Александр Иванович, сменившись в карауле, возвратился в крепость за полночь. Увидев Михаила, сидящего на порожке и курящего трубочку, улыбнулся.
— Что, не спится?
— Грустные думы одолевают.
— А меня — напротив — отрадные. Ночь такая тихая! Я стоял в карауле, а кругом только редкие фонари, небо звездно-черное, зубчатые стены крепости, и восточные мотивы наполнили сердце. Начал фантазировать на тему «Соловей и Роза». Помните, у Пушкина? У меня такой вышел перепев:
Одоевский помолчал и спросил:
— Или вы считаете, надо было в рифму?
— Нет, ни в коем случае! — отозвался Лермонтов живо. — В этом прелесть восточной поэзии. Вы такая умница! Обязательно запишите, чтобы не забыть.

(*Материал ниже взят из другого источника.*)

Definition principal_idempotents (v d : nat) (A E : 'I_d.+1 -> 'M[algC]_v) : Prop :=
  [/\ (forall i j, E i *m E j = if i == j then E i else 0),
      (forall i, conjT (E i) = E i),
      \sum_i E i = 1%:M,
      (forall i, in_span A (E i) /\ in_span E (A i)) &
      (forall c : 'I_d.+1 -> algC, \sum_j c j *: E j = 0 -> forall j, c j = 0)].

Definition eigenvalues (v d : nat) (A E : 'I_d.+1 -> 'M[algC]_v)
  (p : 'I_d.+1 -> 'I_d.+1 -> algC) : Prop :=
  forall i j, A i *m E j = p i j *: E j.

Definition krein_params (v d : nat) (E : 'I_d.+1 -> 'M[algC]_v)
  (q : 'I_d.+1 -> 'I_d.+1 -> 'I_d.+1 -> algC) : Prop :=
  forall i j, schur (E i) (E j) = (v%:R)^-1 *: \sum_k q i j k *: E k.

Definition gen_field (S : algC -> Prop) (x : algC) : Prop :=
  forall P : {pred algC}, divring_closed P -> (forall y, S y -> y \in P) -> x \in P.

Definition splitting_field (d : nat) (p : 'I_d.+1 -> 'I_d.+1 -> algC) : algC -> Prop :=
  gen_field (fun x => exists i j, x = p i j).

Definition krein_field (d : nat) (q : 'I_d.+1 -> 'I_d.+1 -> 'I_d.+1 -> algC)
  : algC -> Prop :=
  gen_field (fun x => exists i j k, x = q i j k).

Definition LspanA (v d : nat) (L : algC -> Prop) (A : 'I_d.+1 -> 'M[algC]_v)
  (M : 'M[algC]_v) : Prop :=
  exists a : 'I_d.+1 -> algC, (forall i, L (a i)) /\ M = \sum_i a i *: A i.

(* The map sigma-hat: for M = sum_j a_j E_j, M^hat = sum_j a_j E_j^sigma.
   The coordinate a_j of M in the basis E is recovered as
   tr(M E_j) / tr(E_j) (since M E_j = a_j E_j and tr E_j = rank E_j <> 0). *)
Definition sigma_hat (v d : nat) (sigma : algC -> algC) (E : 'I_d.+1 -> 'M[algC]_v)
  (M : 'M[algC]_v) : 'M[algC]_v :=
  \sum_j (\tr (M *m E j) / \tr (E j)) *: map_mx sigma (E j).

Definition BM_automorphism (v : nat) (L : algC -> Prop) (S : 'M[algC]_v -> Prop)
  (psi : 'M[algC]_v -> 'M[algC]_v) : Prop :=
  (forall M, S M -> S (psi M)) /\
  (forall M N, S M -> S N -> psi M = psi N -> M = N) /\
  (forall N, S N -> exists M, S M /\ psi M = N) /\
  (forall c M N, L c -> S M -> S N -> psi (c *: M + N) = c *: psi M + psi N) /\
  (forall M N, S M -> S N -> psi (M *m N) = psi M *m psi N) /\
  (forall M N, S M -> S N -> psi (schur M N) = schur (psi M) (psi N)) /\
  (forall M, S M -> psi (conjT M) = conjT (psi M)).

From HB Require Import structures.
From mathcomp Require Import all_boot all_order all_algebra all_field fingroup perm.
Set Implicit Arguments. Unset Strict Implicit. Unset Printing Implicit Defensive.
Import Order.TTheory GRing.Theory Num.Theory.
Local Open Scope ring_scope.

(* Since the A_i are 0/1 matrices, sigma fixes them, so E_j^sigma is again a
   nonzero idempotent in the Bose-Mesner algebra, and the E_j^sigma are
   pairwise orthogonal; hence they are the E_j up to a permutation pi, and
   sigma-hat is the L-linear map E_j |-> E_(pi j).  Such a map preserves
   ordinary products and conjugate transposes, and maps L[A] onto itself
   because the coordinates of the E_j in the basis A are the entries of the
   inverse of the eigenmatrix (p_i(j)).  Finally, applying sigma entrywise to
   E_i o E_j = v^-1 sum_k q_ij(k) E_k shows that sigma-hat preserves Schur
   products exactly when sigma fixes every Krein parameter. *)

(* A keyed copy of Q, so that a proof of [divring_closed Q] makes the [rpred]
   lemmas available for Q. *)
Definition divring_pred (Q : {pred algC}) (hQ : divring_closed Q) : {pred algC} := Q.
HB.instance Definition _ (Q : {pred algC}) (hQ : divring_closed Q) :=
  GRing.isDivringClosed.Build algC (divring_pred hQ) hQ.

Lemma gen_fieldP (S : algC -> Prop) x :
  gen_field S x <-> forall Q : divringClosed algC, (forall y, S y -> y \in Q) -> x \in Q.
Proof.
split=> [Sx Q SQ | SxQ P hP SP]; first exact: Sx (divringClosedP Q) SQ.
exact: (SxQ (divring_pred hP)).
Qed.

Lemma gen_field_gen (S : algC -> Prop) x : S x -> gen_field S x.
Proof. by move=> Sx P _ SP; apply: SP. Qed.

Lemma gen_field_sum_mul (S : algC -> Prop) (I : finType) (a b : I -> algC) :
  (forall i, gen_field S (a i)) -> (forall i, gen_field S (b i)) ->
  gen_field S (\sum_i a i * b i).
Proof.
move=> Sa Sb; apply/gen_fieldP => Q SQ.
have inQ c : gen_field S c -> c \in Q by move/gen_fieldP; apply.
by apply: rpred_sum => i _; rewrite rpredM ?inQ.
Qed.

Lemma gen_field_fixed (S : algC -> Prop) (s : {rmorphism algC -> algC}) x :
  (forall y, S y -> s y = y) -> gen_field S x -> s x = x.
Proof.
move=> sS Sx; have fixed_closed : divring_closed [pred y | s y == y].
  split=> [|a b /eqP sa /eqP sb|a b /eqP sa /eqP sb];
    by rewrite inE ?rmorph1 ?rmorphB ?fmorph_div ?sa ?sb.
by apply/eqP; apply: Sx fixed_closed _ => y /sS /eqP.
Qed.

Lemma det_mxOver (R : comPzRingType) (S : subringClosed R) n (M : 'M[R]_n) :
  M \is a mxOver S -> \det M \in S.
Proof.
move=> /mxOverP SM; apply: rpred_sum => s _.
by rewrite rpredM ?rpredX ?rpredN ?rpred1 // rpred_prod.
Qed.

Lemma invmx_mxOver (R : comUnitRingType) (S : divringClosed R) n (M : 'M[R]_n) :
  M \is a mxOver S -> invmx M \is a mxOver S.
Proof.
move=> SM; apply/mxOverP => i j; rewrite /invmx; case: ifP => _; last exact: (mxOverP SM).
rewrite !mxE rpredM ?rpredV ?det_mxOver // rpredM ?rpredX ?rpredN ?rpred1 //.
by apply: det_mxOver; apply/mxOverP => k l; rewrite !mxE; apply: (mxOverP SM).
Qed.

Lemma comb_comb (R : pzRingType) (V : lmodType R) (I J : finType)
    (F : J -> V) (a : I -> R) (c : I -> J -> R) :
  \sum_i a i *: \sum_j c i j *: F j = \sum_j (\sum_i a i * c i j) *: F j.
Proof.
under eq_bigr do rewrite scaler_sumr.
rewrite exchange_big /=; apply: eq_bigr => j _; rewrite scaler_suml.
by apply: eq_bigr => i _; rewrite scalerA.
Qed.

Lemma map_mx01 (s : {rmorphism algC -> algC}) m n (M : 'M[algC]_(m, n)) :
  (forall x y, M x y = 0 \/ M x y = 1) -> map_mx s M = M.
Proof.
by move=> M01; apply/matrixP => x y; rewrite mxE; case: (M01 x y) => ->; rewrite ?rmorph0 ?rmorph1.
Qed.

Lemma mxtrace_mulmx_conjT_eq0 n (M : 'M[algC]_n) :
  \tr (M *m conjT M) = 0 -> M = 0.
Proof.
have -> : \tr (M *m conjT M) = \sum_i \sum_j M i j * (M i j)^*.
  by apply: eq_bigr => i _; rewrite !mxE; apply: eq_bigr => j _; rewrite !mxE.
move=> tr0; apply/matrixP => i j; rewrite mxE; apply/eqP; rewrite -mul_conjC_eq0; apply/eqP.
have row_ge0 i' : 0 <= \sum_j M i' j * (M i' j)^*.
  by apply: sumr_ge0 => j' _; apply: mul_conjC_ge0.
have row0 := @psumr_eq0P _ _ _ _ (fun i' _ => row_ge0 i') tr0 i isT.
exact: @psumr_eq0P _ _ _ _ (fun j' _ => mul_conjC_ge0 (M i j')) row0 j isT.
Qed.

Section Combinations.
Variables (I : finType) (v : nat) (F : I -> 'M[algC]_v) (a : I -> algC).

Lemma comb_delta k : \sum_i (i == k)%:R *: F i = F k.
Proof. by rewrite (bigD1 k) //= eqxx scale1r big1 ?addr0 // => i /negbTE ->; rewrite scale0r. Qed.

Lemma conjT_comb : conjT (\sum_i a i *: F i) = \sum_i (a i)^* *: conjT (F i).
Proof.
apply/matrixP => x y; rewrite /conjT !mxE summxE rmorph_sum summxE.
by apply: eq_bigr => i _; rewrite !mxE rmorphM.
Qed.

Lemma map_comb (s : {rmorphism algC -> algC}) :
  map_mx s (\sum_i a i *: F i) = \sum_i s (a i) *: map_mx s (F i).
Proof.
apply/matrixP => x y; rewrite !mxE summxE rmorph_sum summxE.
by apply: eq_bigr => i _; rewrite !mxE rmorphM.
Qed.

Lemma schur_combl N : schur (\sum_i a i *: F i) N = \sum_i a i *: schur (F i) N.
Proof.
apply/matrixP => x y; rewrite /schur !mxE summxE mulr_suml summxE.
by apply: eq_bigr => i _; rewrite !mxE mulrA.
Qed.

Lemma schur_combr N : schur N (\sum_i a i *: F i) = \sum_i a i *: schur N (F i).
Proof.
apply/matrixP => x y; rewrite /schur !mxE summxE mulr_sumr summxE.
by apply: eq_bigr => i _; rewrite !mxE mulrCA.
Qed.

End Combinations.

Lemma map_schur (s : {rmorphism algC -> algC}) v (M N : 'M[algC]_v) :
  map_mx s (schur M N) = schur (map_mx s M) (map_mx s N).
Proof. by apply/matrixP => x y; rewrite !mxE rmorphM. Qed.

Section OrthogonalIdempotents.
Variables (I : finType) (v : nat) (F : I -> 'M[algC]_v).
Hypothesis F_mul : forall i j, F i *m F j = if i == j then F i else 0.

Lemma comb_mulmx (a : I -> algC) j : (\sum_i a i *: F i) *m F j = a j *: F j.
Proof.
rewrite mulmx_suml (bigD1 j) //= big1 ?addr0; first by rewrite -scalemxAl F_mul eqxx.
by move=> i /negbTE ij; rewrite -scalemxAl F_mul ij scaler0.
Qed.

Lemma mulmx_comb (a b : I -> algC) :
  (\sum_i a i *: F i) *m (\sum_i b i *: F i) = \sum_i (a i * b i) *: F i.
Proof.
rewrite mulmx_sumr; apply: eq_bigr => i _.
by rewrite -scalemxAr comb_mulmx scalerA mulrC.
Qed.

Hypothesis F_neq0 : forall i, F i != 0.

Lemma comb_inj (a b : I -> algC) :
  \sum_i a i *: F i = \sum_i b i *: F i -> forall i, a i = b i.
Proof.
move=> ab i; have := comb_mulmx (fun j => a j - b j) i.
rewrite (eq_bigr (fun j => a j *: F j - b j *: F j)) => [|j _]; last exact: scalerBl.
rewrite sumrB ab subrr mul0mx => /esym/eqP.
by rewrite scalemx_eq0 (negbTE (F_neq0 i)) orbF subr_eq0 => /eqP.
Qed.

End OrthogonalIdempotents.

Lemma sigma_hat_is_linear (s : algC -> algC) v d (E : 'I_d.+1 -> 'M[algC]_v) :
  linear (sigma_hat s E).
Proof.
move=> c M N; rewrite /sigma_hat scaler_sumr -big_split; apply: eq_bigr => j _ /=.
by rewrite mulmxDl -scalemxAl mxtraceD mxtraceZ mulrDl scalerDl scalerA mulrA.
Qed.

HB.instance Definition _ (s : algC -> algC) v d (E : 'I_d.+1 -> 'M[algC]_v) :=
  GRing.isLinear.Build algC 'M[algC]_v 'M[algC]_v *:%R (sigma_hat s E)
    (sigma_hat_is_linear s E).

— Не забуду, верно. Ну, прощайте. Я отправлюсь спать. Ног не чую под собой. Вы пойдете?
— Докурю и пойду, спокойной ночи!
Но еще сидел не менее часа, глядя на мерцающие в небе звезды.
Утром выпал снег, но быстро растаял. Доктор Фокс сказал, что Федотову значительно лучше, нагноения нет, рана понемногу затягивается, кризис миновал. Бог даст, завтра можно будет двигаться восвояси.
Лермонтов и Одоевский прогулялись по армянской части города, зашли в церковь. Внутри она больше походила на католический храм: темные высокие стены и колонны без росписей, деревянные скамейки со спинками для прихожан, восьмигранная люстра, а за алтарем — лишь одна икона Богоматери и Младенца. Никакой византийской пышности. Это неудивительно: ведь в Армении христианство стало государственной религией чуть ли не на полвека раньше, чем в Византии.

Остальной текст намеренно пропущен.